Er versteht es zu gestikulie­ren wie ein Rapper. Zur Kutte des Franziskan­ers trägt er ein Baseballkä­ppchen mit Pokemonemb­lem. Nein, der herkömmlic­hen Vorstellun­g eines Mönchs entspricht Bruder Sandesh Manuel nicht.

Weltabgesc­hiedenheit ist seine Sache nicht. Er agiert als Sänger, Rapper, Maler und YouTuber. „Mönche haben keine Flügel. Wir sind Menschen mit Gefühlen. Ich trenne Menschsein nicht vom Mönchsein. Ich lebe und vertiefe meinen Glauben durch meine Musik. Die Musik, meine zweite Berufung, verstärkt die erste. Durch sie will ich mit Menschen in Kontakt kommen.
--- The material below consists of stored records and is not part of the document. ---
Definition fps_lim (s : nat -> fps) (P : fps) : Prop :=
  forall k : nat, exists N : nat, forall M : nat, (N <= M)%N -> s M k = P k.

Definition lhs_term (n : nat) : fps :=
  match n with
  | 0%N => fone
  | 1%N => fmul (fps_of_poly ('X^2 + 'X^3)) (finv (fps_of_poly (1 - 'X^2)))
  | _ => fmul (fps_of_poly (qpoch (- 'X^3) 'X^4 (n.-1)
                            * 'X^(2 * n)%N * (1 + 'X^((2 * n).-1)%N)))
              (finv (fps_of_poly (qpoch 'X^2 'X^2 n)))
  end.

Definition rhs_factor (n : nat) : fps :=
  if (n == 0%N) || ((n %% 8)%N \in [:: 1%N; 5%N; 6%N]) then fone
  else finv (fps_of_poly (1 - 'X^n)).

From Pilot Require Import Defs.
From mathcomp Require Import all_boot all_order all_algebra ring zify.
Set Implicit Arguments. Unset Strict Implicit. Unset Printing Implicit Defensive.
Import Order.TTheory GRing.Theory Num.Theory.
Local Open Scope ring_scope.

(* Everything is done modulo X^K for an arbitrary K, with polynomials over rat
   compared coefficientwise below degree K ([congX K]).
   - The partial sums telescope: the terms up to index m add up to
     (-q^3;q^4)_m / (q^2;q^2)_m, since (1 - q^(2m+2)) + q^(2m+2)(1 + q^(2m+1))
     = 1 + q^(4m+3).
   - Product identity: since (1+q^(8i+3))(1+q^(8i+7))(1-q^(8i+3))(1-q^(8i+7))
     = (1-q^(16i+6))(1-q^(16i+14)), the finite products
     (-q^3;q^4)_{2J} prod_{1<=n<=8J, n mod 8 not in {1,5,6}} (1-q^n)   and
     (q^2;q^2)_{4J} have the closed forms B_J prod_{i<2J} (1-q^(8i+6)) and
     B_J prod_{i<J} (1-q^(8i+6)) for a common B_J; modulo X^K every product
     involved stabilizes after K factors, so both agree modulo X^K for J = K.
   - Both sides are then congruent modulo X^K to the same polynomial as soon as
     more than K terms (resp. factors) are taken, which gives a common limit. *)

Section TruncatedCongruence.
Variable R : nzRingType.
Implicit Types (p q r : {poly R}) (K : nat).

Definition congX K p q := forall i, (i < K)%N -> p`_i = q`_i.

Lemma congX_refl K p : congX K p p. Proof. by []. Qed.

Lemma congX_sym K p q : congX K p q -> congX K q p.
Proof. by move=> Hpq i Hi; rewrite Hpq. Qed.

Lemma congX_trans K p q r : congX K p q -> congX K q r -> congX K p r.
Proof. by move=> Hpq Hqr i Hi; rewrite Hpq // Hqr. Qed.

Lemma congXD K p q p' q' :
  congX K p p' -> congX K q q' -> congX K (p + q) (p' + q').
Proof. by move=> Hp Hq i Hi; rewrite !coefD Hp // Hq. Qed.

(* Coefficient i of a product only involves coefficients of index <= i. *)
Lemma congXM K p q p' q' :
  congX K p p' -> congX K q q' -> congX K (p * q) (p' * q').
Proof.
move=> Hp Hq i Hi; rewrite !coefM; apply: eq_bigr => j _.
have Hj : (j < K)%N by apply: leq_ltn_trans Hi; rewrite -ltnS.
by rewrite Hp // Hq // (leq_ltn_trans (leq_subr _ _) Hi).
Qed.

Lemma congX_prod K n (F G : nat -> {poly R}) :
  (forall i, (i < n)%N -> congX K (F i) (G i)) ->
  congX K (\prod_(i < n) F i) (\prod_(i < n) G i).
Proof.
elim: n => [|n IH] HFG; first by rewrite !big_ord0.
rewrite !big_ord_recr /=; apply: congXM; last exact: HFG.
by apply: IH => i Hi; apply: HFG; apply: ltnW.
Qed.

Lemma congX_addXn K e p q : (K <= e)%N -> congX K (p + q * 'X^e) p.
Proof. by move=> He i Hi; rewrite coefD coefMXn (leq_trans Hi He) addr0. Qed.

Lemma congX_1mX K e : (K <= e)%N -> congX K (1 - 'X^e) 1.
Proof. by move=> He; rewrite -mulN1r; apply: congX_addXn. Qed.

Lemma congX_1pX K e : (K <= e)%N -> congX K (1 + 'X^e) 1.
Proof. by move=> He; rewrite -[X in 1 + X]mul1r; apply: congX_addXn. Qed.

Lemma coef0_1mX e : (0 < e)%N -> (1 - 'X^e : {poly R})`_0 = 1.
Proof. by case: e => // e _; rewrite coefB coef1 coefXn subr0. Qed.

Lemma congX_prod_stable K L L' (F : nat -> {poly R}) : (K <= L)%N -> (K <= L')%N ->
  (forall n, (K <= n)%N -> congX K (F n) 1) ->
  congX K (\prod_(n < L) F n) (\prod_(n < L') F n).
Proof.
move=> HL HL' HF.
have stable M : (K <= M)%N -> congX K (\prod_(n < M) F n) (\prod_(n < K) F n).
  elim: M => [|M IH]; first by rewrite leqn0 => /eqP ->.
  rewrite leq_eqVlt => /orP[/eqP <-|HKM] //.
  rewrite big_ord_recr /= -[X in congX _ _ X]mulr1.
  by apply: congXM; [exact: IH | exact: HF].
exact: congX_trans (stable _ HL) (congX_sym (stable _ HL')).
Qed.

End TruncatedCongruence.

Arguments congX_refl {R K p}.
YouTube ist da eine sehr gute Bühne.“

Der vierzigjäh­rige, recht jugendlich wirkende Mönch stammt aus Indien. Exakt gesagt aus Bangalore, einer 13-Millionens­tadt im Süden, die als Silicon Valley des Subkontine­nts gilt. Doch Technik interessie­rte Manuel nicht. „Ich hatte viele philosophi­sche Fragen. Warum sind so viele Menschen arm? Warum sind einige Leute behindert? Gibt es Gott? Warum bin ich in Indien geboren?“Und so studierte der in eine traditione­ll christlich­e Familie Hineingebo­rene Philosophi­e und Theologie. Dann trat er für ein Probejahr in den Orden ein.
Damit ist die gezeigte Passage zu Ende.